I digress. The goal of these open, candid conversations is to establish trust and authenticity toward a common goal. Experienced vendors appreciate this candor as it allows them to tailor their services more precisely and build a more robust long-term partnership.

On the vendor/partner side, actively listen and ask exploratory questions. Don't make assumptions—the client's needs may be more nuanced than what's on the surface. An open dialogue allows you to get to the heart of their vision and priorities. Sure, if you need to present the standard "concessions," fine, but when you take the time to evaluate those against their specific asks, maybe there should be some alteration? Summarize and confirm your understanding to avoid misunderstandings.

Having come from both sides, I'm looking for a partner who will listen and work to collaborate on negotiating the needs. Don't just present the standard concession as the final offer, spending so much back and forth time altering, adjusting, and finally reaching a consensus. Stop, listen, measure, adjust, present. Be willing to compromise and flex where possible while still meeting core needs.

Both parties should approach negotiations assuming the other has good intentions and works towards the best possible outcome. 

Ok, I talked about listening and being open – well, now it's time to deliver those concessions. Maybe the standard concessions are a perfect fit, or they just don't work (like a "free something" that provides no value). I planned and contracted multiple events and always saw the same concessions – comp nights, F&B discounts, free transfers, complimentary nightly amenities, etc. I always crossed most out. Mainly because the client I was advocating for had an exciting payment structure, which they couldn't take advantage of.

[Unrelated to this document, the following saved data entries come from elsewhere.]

(* Equal distances to [x] and [y] make [q - p] orthogonal both to the base and
   to [q + p - 2x]; so either [q = p], or [q + p - 2x] is parallel to the base,
   i.e. [q] is the mirror image of [p]. *)
Lemma sqdist2_eq_reflect p q : sqdist q x = sqdist p x -> sqdist q y = sqdist p y ->
  q = p \/ q = sigma p.
Proof.
move: sqdist_base_neq0.
case: x y p q => [x1 x2] [y1 y2] [p1 p2] [q1 q2].
rewrite /reflect_line /sqdist /= => hD hx hy.
have ad : (q1 - p1) * (y1 - x1) + (q2 - p2) * (y2 - x2) = 0.
  have e : ((q1 - p1) * (y1 - x1) + (q2 - p2) * (y2 - x2)) * 2 =
      ((q1 - x1) ^+ 2 + (q2 - x2) ^+ 2 - ((p1 - x1) ^+ 2 + (p2 - x2) ^+ 2))
      - ((q1 - y1) ^+ 2 + (q2 - y2) ^+ 2 - ((p1 - y1) ^+ 2 + (p2 - y2) ^+ 2)) by ring.
  by move: e; rewrite hx hy !subrr => /eqP; rewrite mulf_eq0 pnatr_eq0 orbF => /eqP.
have az : (q1 - p1) * (q1 + p1 - 2 * x1) + (q2 - p2) * (q2 + p2 - 2 * x2) = 0.
  have -> : (q1 - p1) * (q1 + p1 - 2 * x1) + (q2 - p2) * (q2 + p2 - 2 * x2) =
      (q1 - x1) ^+ 2 + (q2 - x2) ^+ 2 - ((p1 - x1) ^+ 2 + (p2 - x2) ^+ 2) by ring.
  by rewrite hx subrr.
have [/andP[/eqP a1 /eqP a2]|a0] := boolP ((q1 - p1 == 0) && (q2 - p2 == 0)).
  by left; congr pair; apply/eqP; rewrite -subr_eq0; apply/eqP.
right; rewrite negb_and in a0.
have [k1 k2] := parallel_proj hD (orthogonal2_parallel ad az a0).
set u := (p1 - x1) * (y1 - x1) + (p2 - x2) * (y2 - x2).
have dz : (y1 - x1) * (q1 + p1 - 2 * x1) + (y2 - x2) * (q2 + p2 - 2 * x2) = 2 * u.
  by rewrite -[RHS]addr0 -ad /u; ring.
by rewrite dz in k1 k2; congr pair; lra.
Qed.

Lemma sqdist2_at_most_two p q r : sqdist q x = sqdist p x -> sqdist q y = sqdist p y ->
  sqdist r x = sqdist p x -> sqdist r y = sqdist p y -> q <> p -> r <> p -> q = r.
Proof.
move=> qx qy rx ry qp rp.
have [//|->] := sqdist2_eq_reflect qx qy.
by have [//|->] := sqdist2_eq_reflect rx ry.
Qed.

End Reflection.

Section Continuity.
Variable R : realType.
Notation pt := (R * R)%type.

Lemma continuous_pair (T : topologicalType) (f g : T -> R) :
  continuous f -> continuous g -> continuous (fun t => (f t, g t)).
Proof.
move=> cf cg t.
by apply: (@cvg_pair _ _ _ _ (nbhs (f t)) (nbhs (g t))); [exact: cf|exact: cg].
Qed.

Lemma continuous_fst_pt : continuous (fun p : pt => p.1).
Proof. by move=> p; exact: cvg_fst. Qed.

Lemma continuous_snd_pt : continuous (fun p : pt => p.2).
Proof. by move=> p; exact: cvg_snd. Qed.

Ltac polynomial_cvg := rewrite ?expr2; repeat first
  [ exact: cvg_cst | exact: cvg_id | exact: continuous_fst_pt
  | exact: continuous_snd_pt | apply: cvgB | apply: cvgD | apply: cvgM | apply: cvgN ].

Definition line_through (p v : pt) (t : R) : pt := (p.1 + t * v.1, p.2 + t * v.2).

Lemma line_through_continuous p v : continuous (line_through p v).
Proof. by apply: continuous_pair => t; polynomial_cvg. Qed.

Lemma sqdist_continuous (c : pt) : continuous (fun p : pt => sqdist p c).
Proof. by move=> p; rewrite /sqdist; polynomial_cvg. Qed.

Lemma base_coord_continuous (x y : pt) : continuous (base_coord x y).
Proof. by move=> p; rewrite /base_coord; polynomial_cvg. Qed.

Lemma reflect_line_continuous (x y : pt) : continuous (reflect_line x y).
Proof. by rewrite /reflect_line; apply: continuous_pair => p; polynomial_cvg. Qed.

End Continuity.

Lemma connected_sub_closedU (T : topologicalType) (C P Q : set T) :
  connected C -> closed P -> closed Q -> C `<=` P `|` Q ->
  (forall z, C z -> P z -> Q z -> False) -> C `<=` P \/ C `<=` Q.
Proof.
move=> cC cP cQ CPQ PQ.
have sep : separated (C `&` P) (C `&` Q).
  split; apply/seteqP; split=> // z [].
  - move=> /(closureS (@subIsetr _ C P)); rewrite -(closure_id P).1 // => Pz [Cz Qz].
    exact: PQ Cz Pz Qz.
  - move=> [Cz Pz] /(closureS (@subIsetr _ C Q)); rewrite -(closure_id Q).1 // => Qz.
    exact: PQ Cz Pz Qz.
have CPQ' : C `<=` (C `&` P) `|` (C `&` Q).
  by move=> z Cz; case: (CPQ _ Cz) => ?; [left|right].
by case: (connected_subset sep CPQ' cC) => CA; [left|right] => z /CA[].
Qed.

Lemma compact_closed_pt (R : realType) (S : set (R * R)) : compact S -> closed S.
Proof. exact: compact_closed (@norm_hausdorff _ _). Qed.

Lemma I01_0 {R : realType} : @I01 R 0. Proof. by rewrite /I01 /= lexx ler01. Qed.
Lemma I01_1 {R : realType} : @I01 R 1. Proof. by rewrite /I01 /= lexx ler01. Qed.

Section Arcs.
Variable R : realType.
Notation pt := (R * R)%type.
Notation I := (@I01 R).
Implicit Types (g : R -> pt) (a b c s t : R).

Definition inj01 g := forall s t, I s -> I t -> g s = g t -> s = t.

Lemma I01_itv : I = `[0, 1]%classic.
Proof. by rewrite set_itvcc. Qed.

Lemma itvccP a b t : `[a, b]%classic t <-> a <= t <= b.
Proof. by rewrite /= in_itv. Qed.

Lemma I01_between a b s : I a -> I b -> a <= s <= b -> I s.
Proof.
rewrite /I01 /= => /andP[a0 _] /andP[_ b1] /andP[h1 h2].
by rewrite (le_trans a0 h1) (le_trans h2 b1).
Qed.

Lemma continuous_within_subitv g a b : {within I, continuous g} -> 0 <= a -> b <= 1 ->
  {within `[a, b]%classic, continuous g}.
Proof.
move=> cg a0 b1; apply: continuous_subspaceW cg => t /itvccP /andP[h1 h2].
by rewrite /I01 /= (le_trans a0 h1) (le_trans h2 b1).
Qed.

Lemma closed_image_subitv g a b : {within I, continuous g} -> 0 <= a -> b <= 1 ->
  closed (g @` `[a, b]%classic).
Proof.
move=> cg a0 b1; apply: compact_closed_pt; apply: continuous_compact.
  exact: continuous_within_subitv.
exact: segment_compact.
Qed.

Lemma connected_arc_between g (C : set pt) a b c :
  {within I, continuous g} -> inj01 g -> connected C -> C `<=` g @` I ->
  I a -> I b -> a <= c <= b -> C (g a) -> C (g b) -> C (g c).
Proof.
move=> cg ig cC Cg Ia Ib acb Cga Cgb.
have Ic := I01_between Ia Ib acb; have /andP[c0 c1] := Ic; have /andP[ac cb] := acb.
apply: contrapT => nCgc.
(* without [g c], [C] would be split by the closed pieces [g [0, c]] and [g [c, 1]] *)
have cover : C `<=` g @` `[0, c]%classic `|` g @` `[c, 1]%classic.
  move=> _ /Cg [t It <-]; have /andP[t0 t1] := It.
  have [tc|ct] := lerP t c; [left|right]; exists t => //; apply/itvccP.
    by rewrite t0 tc.
  by rewrite t1 ltW.
have meet z : C z -> (g @` `[0, c]%classic) z -> (g @` `[c, 1]%classic) z -> False.
  move=> Cz [t1 /itvccP ht1 e1] [t2 /itvccP ht2 e2].
  have It1 := I01_between I01_0 Ic ht1; have It2 := I01_between Ic I01_1 ht2.
  have t12 : t1 = t2 by apply: ig It1 It2 _; rewrite e1 e2.
  have t1c : t1 = c.
    by case/andP: ht1 => _ t1c; case/andP: ht2 => ct2 _; apply/eqP; rewrite eq_le t1c t12 ct2.
  by apply: nCgc; rewrite -t1c e1.
have [CL|CR] := connected_sub_closedU cC (closed_image_subitv cg (lexx 0) c1)
  (closed_image_subitv cg c0 (lexx 1)) cover meet.
- have [t /itvccP tc gtb] := CL _ Cgb.
  have tb : t = b := ig _ _ (I01_between I01_0 Ic tc) Ib gtb.
  have bc : b = c by case/andP: tc => _ tc; apply/eqP; rewrite eq_le cb -tb tc.
  by apply: nCgc; rewrite -bc.
- have [t /itvccP ct gta] := CR _ Cga.
  have ta : t = a := ig _ _ (I01_between Ic I01_1 ct) Ia gta.
  have ac' : a = c by case/andP: ct => ct _; apply/eqP; rewrite eq_le ac -ta ct.
  by apply: nCgc; rewrite -ac'.
Qed.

I found myself digging into my budget for areas where I could alleviate pain points. It was the best concession I ever had, so wait for it. Onsite staff runner! The amount of time and hassle this saved our team was invaluable. I always had to bring staff onsite for this, rent a car, etc. Instead, this vendor offered a staff person for our time to assist with last-minute errands, needs, and other inevitable fires that surface onsite. BEST concession! Maybe I paid for this through markup or somewhere else, but the fact that they were willing to get creative and think outside the box got my attention.

Other innovative solutions include providing onsite radios or an event app for better communication, adjusting payment terms, bundling services across vendors, leveraging vendor partnerships for unique offerings, etc. The possibilities are endless when you ditch the cookie-cutter approach.

You must fully understand the ask from all angles to reach the best solution. For clients, please be clear about your objectives, budget, areas of flexibility, and absolute must-haves. Vendors dig into the client's priorities—what are their nice-to-haves vs. non-negotiables? The more context you have, the better you can negotiate unique concessions that truly move the needle.

The most successful negotiations stem from partnerships built on transparency, understanding, ingenuity, and a willingness to adapt. Don't get boxed in by trying to fit a square peg into a round hole. By actively listening, asking thoughtful questions, and maintaining an open mind, negotiations become an avenue for co-creating memorable experiences rooted in mutual trust.